### Information provided
(* Let $n$ be a positive integer, $b_0,\dots,b_{n-1},\beta_0,\dots,\beta_{n-1}\in\mathbb R$, and \[ \widetilde\Delta(z)=z^n+\sum_{k=0}^{n-1}b_kz^k+e^{-z}\sum_{k=0}^{n-1}\beta_kz^k,\quad z\in\mathbb C. \] Then $0$ is a root of multiplicity $2n$ of $\widetilde\Delta$ if and only if, for every $k\in\{0,\dots,n-1\}$, \[ b_k=(-1)^{n-k}\frac{n!}{k!}\binom{2n-k-1}{n-1},\qquad \beta_k=(-1)^{n-1}\frac{(2n-k-1)!}{k!\,(n-k-1)!}. \]
   Context: A root $z_0$ of $\widetilde\Delta$ has multiplicity $2n$ when $\widetilde\Delta^{(k)}(z_0)=0$ for $k=0,\dots,2n-1$ (multiplicity can be at most $2n$ for this quasipolynomial). *)

From HB Require Import structures.
From mathcomp Require Import all_boot all_order all_algebra.
From mathcomp Require Import all_classical all_reals all_analysis.
From mathcomp Require Import complex.
Set Implicit Arguments. Unset Strict Implicit. Unset Printing Implicit Defensive.
Import Order.TTheory GRing.Theory Num.Theory.
Import numFieldNormedType.Exports.
Local Open Scope ring_scope.
Local Open Scope complex_scope.

Definition cexp (R : realType) (z : R[i]) : R[i] :=
  (expR (@complex.Re R z))%:C * ((cos (@complex.Im R z))%:C + 'i * (sin (@complex.Im R z))%:C).

Definition Deltat (R : realType) (n : nat) (b beta : nat -> R) (z : R[i]) : R[i] :=
  z ^+ n + \sum_(k < n) (b k)%:C * z ^+ k
  + cexp (- z) * \sum_(k < n) (beta k)%:C * z ^+ k.

(* z0 is a root of f of multiplicity (at least) m: the complex derivatives
   f^(k)(z0) vanish for k = 0, ..., m-1.  derive1n is the iterated complex
   derivative (limit of difference quotients over h in R[i]). *)
Definition root_of_mult (K : numFieldType) (f : K -> K) (z0 : K) (m : nat) : Prop :=
  forall k : nat, (k < m)%N -> derive1n k f z0 = 0.

(* Write Deltat(z) = P(z) + e^{-z} Q(z) with P = z^n + sum_k b_k z^k and
   Q = sum_k beta_k z^k.  Since (e^{-z} q)' = e^{-z} (q' - q), the m-th
   derivative at 0 is m! p_m + (D^m a)(0), where p_m are the coefficients of P,
   a_j = j! beta_j and D is the forward difference operator on sequences.
   For n <= m < 2n the coefficient p_m = [m = n] is known, and these n equations
   determine the sequence a, which vanishes from n on; the solution is
   a_j = (-1)^(n-1) n! C(2n-1-j, n), because the m-th difference of
   j |-> C(N-j, n) is (-1)^m C(N-m-j, n-m).  The equations with m < n then
   determine b_m.  The complex derivative of e^{-z} comes from the estimate
   |e^h - 1 - h| <= 4 |h|^2 for |h| <= 1/2. *)

From HB Require Import structures.
From mathcomp Require Import all_boot all_order all_algebra.
From mathcomp Require Import all_classical all_reals all_analysis.
From mathcomp Require Import complex.
From mathcomp Require Import ring lra zify.
Import Order.TTheory GRing.Theory Num.Theory.
Import numFieldNormedType.Exports.
Local Open Scope ring_scope.

Section ForwardDifferences.
Context {V : zmodType}.
Implicit Types a e : nat -> V.

Definition fwd_diff a i := a i.+1 - a i.
Definition fwd_diffn k a := iter k fwd_diff a.

Lemma fwd_diffnS k a i :
  fwd_diffn k.+1 a i = fwd_diffn k a i.+1 - fwd_diffn k a i.
Proof. by []. Qed.

Lemma fwd_diffnSr k a : fwd_diffn k.+1 a = fwd_diffn k (fwd_diff a).
Proof. exact: iterSr. Qed.

Lemma fwd_diffnB k a e i :
  fwd_diffn k (fun j => a j - e j) i = fwd_diffn k a i - fwd_diffn k e i.
Proof.
elim: k i => [//|k IH] i.
by rewrite !fwd_diffnS !IH !opprD !opprK addrACA.
Qed.

Lemma fwd_diffn_eq0_ge n a : (forall i, (n <= i)%N -> a i = 0) ->
  forall k i, (n <= i)%N -> fwd_diffn k a i = 0.
Proof.
move=> a_ge; elim=> [|k IH] i le_ni; first exact: a_ge.
by rewrite fwd_diffnS !IH ?subr0 // (leq_trans le_ni).
Qed.

Lemma eq0_fwd_diffn0_lt n e : (forall k, (k < n)%N -> fwd_diffn k e 0 = 0) ->
  forall j, (j < n)%N -> e j = 0.
Proof.
elim: n e => [//|n IH] e diff0.
have de0 : forall j, (j < n)%N -> fwd_diff e j = 0.
  by apply: IH => k lt_kn; rewrite -fwd_diffnSr; exact: diff0.
elim=> [_|j IHj lt_jn]; first exact: (diff0 0%N).
by move: (de0 j lt_jn); rewrite /fwd_diff IHj ?(ltnW lt_jn) // subr0.
Qed.

Lemma eq0_fwd_diffn_eq0 n k a : (forall i, (n <= i)%N -> a i = 0) ->
  (forall i, fwd_diffn k a i = 0) -> forall i, a i = 0.
Proof.
elim: k a => [//|k IH] a a_ge; rewrite fwd_diffnSr => /IH da0.
have {}da0 : forall i, fwd_diff a i = 0.
  by apply: da0 => i le_ni; rewrite /fwd_diff !a_ge ?subr0 // ltnW.
have a_shift i m : a (i + m)%N = a i.
  elim: m => [|m IHm]; first by rewrite addn0.
  by rewrite addnS -[RHS]IHm; apply/eqP; rewrite -subr_eq0; apply/eqP/da0.
by move=> i; rewrite -(a_shift i n) a_ge // leq_addl.
Qed.

Lemma eq0_fwd_diffn0_window n a : (forall i, (n <= i)%N -> a i = 0) ->
  (forall m, (n <= m < 2 * n)%N -> fwd_diffn m a 0 = 0) -> forall i, a i = 0.
Proof.
move=> a_ge diff0; apply: (eq0_fwd_diffn_eq0 n n) => // i.
have [lt_in|le_ni] := ltnP i n; last exact: fwd_diffn_eq0_ge a_ge _ _ le_ni.
apply: (eq0_fwd_diffn0_lt n) lt_in => k lt_kn.
rewrite /fwd_diffn -iterD; apply: diff0; lia.
Qed.

End ForwardDifferences.

Section ForwardDifferencesRing.
Context {R : pzRingType}.

Lemma fwd_diffnMl k (c : R) a i :
  fwd_diffn k (fun j => c * a j) i = c * fwd_diffn k a i.
Proof. by elim: k i => [//|k IH] i; rewrite !fwd_diffnS !IH mulrBr. Qed.

Lemma fwd_diffn_binom N n m i : (i + m <= N)%N ->
  fwd_diffn m (fun j => 'C(N - j, n)%:R : R) i =
  if (m <= n)%N then (-1) ^+ m * 'C(N - m - i, n - m)%:R else 0.
Proof.
elim: m i => [|m IH] i le_N; first by rewrite mul1r !subn0.
rewrite fwd_diffnS !IH; [|lia|lia].
case: (ltngtP m n) => [lt_mn|lt_nm|<-]; last by rewrite !subnn !bin0 subrr.
- have -> : (N - m - i = (N - m.+1 - i).+1)%N by lia.
  have -> : (n - m = (n - m.+1).+1)%N by lia.
  have -> : (N - m - i.+1 = N - m.+1 - i)%N by lia.
  by rewrite binS natrD mulrDr opprD addrA subrr sub0r exprS mulN1r mulNr.
- by rewrite subrr.
Qed.

End ForwardDifferencesRing.

Section MaximalMultiplicitySystem.
Context {K : numFieldType}.
Variable n : nat.
Hypothesis n_gt0 : (0 < n)%N.

Definition bstar k : K :=
  (-1) ^+ (n - k) * ((n`!)%:R / (k`!)%:R) * ('C(2 * n - k - 1, n - 1))%:R.

Definition betastar k : K :=
  (-1) ^+ (n - 1) * ((2 * n - k - 1)`!)%:R / ((k`!)%:R * ((n - k - 1)`!)%:R).

Definition pstar m : K := if (m < n)%N then bstar m else (m == n)%:R.

Definition astar j : K := (-1) ^+ (n - 1) * (n`!)%:R * ('C(2 * n - 1 - j, n))%:R.

Definition maxmult_system (p a : nat -> K) :=
  forall m, (m < 2 * n)%N -> (m`!)%:R * p m + fwd_diffn m a 0 = 0.

Lemma natr_fact_neq0 k : (k`!)%:R != 0 :> K.
Proof. by rewrite pnatr_eq0 gtn_eqF ?fact_gt0. Qed.

Lemma astar_ge j : (n <= j)%N -> astar j = 0.
Proof. by move=> le_nj; rewrite /astar bin_small ?mulr0 //; lia. Qed.

Lemma fact_betastar k : (k < n)%N -> (k`!)%:R * betastar k = astar k.
Proof.
move=> lt_kn; rewrite /betastar /astar.
have -> : ((2 * n - k - 1)`! = 'C(2 * n - 1 - k, n) * (n`! * (n - k - 1)`!))%N.
  have -> : (2 * n - k - 1 = 2 * n - 1 - k)%N by lia.
  have -> : (n - k - 1 = 2 * n - 1 - k - n)%N by lia.
  by rewrite bin_fact //; lia.
have := natr_fact_neq0 k; have := natr_fact_neq0 (n - k - 1).
rewrite !natrM; set u := (k`!)%:R; set v := ((n - k - 1)`!)%:R => v0 u0.
by field; rewrite u0 v0.
Qed.

Lemma fwd_diffn_astar m : (m < 2 * n)%N -> fwd_diffn m astar 0 =
  (-1) ^+ (n - 1) * (n`!)%:R *
  (if (m <= n)%N then (-1) ^+ m * ('C(2 * n - 1 - m, n - m))%:R else 0).
Proof.
by move=> lt_m2n; rewrite fwd_diffnMl fwd_diffn_binom ?subn0 //; lia.
Qed.

Lemma pstar_lt k : (k < n)%N -> pstar k = bstar k.
Proof. by rewrite /pstar => ->. Qed.

Lemma maxmult_system_star : maxmult_system pstar astar.
Proof.
move=> m lt_m2n; rewrite fwd_diffn_astar // /pstar /bstar.
have sign_sqr k : (-1) ^+ k * (-1) ^+ k = 1 :> K.
  by rewrite -exprD addnn -mul2n exprM sqrrN !expr1n.
case: (ltngtP m n) => [lt_mn|lt_nm|eq_mn]; last first.
- rewrite eq_mn in lt_m2n *; rewrite subnn bin0 mulr1 mulr1.
  have -> : n = (n - 1).+1 by lia.
  by rewrite subSS subn0 exprS mulN1r mulrN -mulrA mulrCA sign_sqr mulr1 subrr.
- by rewrite !mulr0 addr0.
- have [t def_n] : exists t, n = (m + t.+1)%N by exists (n - m).-1; lia.
  have -> : (n - m = t.+1)%N by lia.
  have -> : (n - 1 = m + t)%N by lia.
  have -> : (2 * n - 1 - m = 2 * n - m - 1)%N by lia.
  have -> : 'C(2 * n - m - 1, t.+1) = 'C(2 * n - m - 1, m + t).
    by rewrite -bin_sub; [congr 'C(_, _)|]; lia.
  have := natr_fact_neq0 m; rewrite exprD exprS.
  set f := (m`!)%:R; set s := (-1) ^+ m; set s' := (-1) ^+ t => f0.
  have ss : s * s = 1 by exact: sign_sqr.
  set c := ('C(_, _))%:R.
  rewrite (_ : s * s' * _ * (s * c) = (s * s) * (s' * (n`!)%:R * c));
    last by ring.
  by rewrite ss; field.
Qed.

### Exercise
Going through the data above, return each line with the word "Context".

### Exercise output
   Context: A root $z_0$ of $\widetilde\Delta$ has multiplicity $2n$ when $\widetilde\Delta^{(k)}(z_0)=0$ for $k=0,\dots,2n-1$ (multiplicity can be at most $2n$ for this quasipolynomial). *)
Context {V : zmodType}.
Context {R : pzRingType}.
Context {K : numFieldType}.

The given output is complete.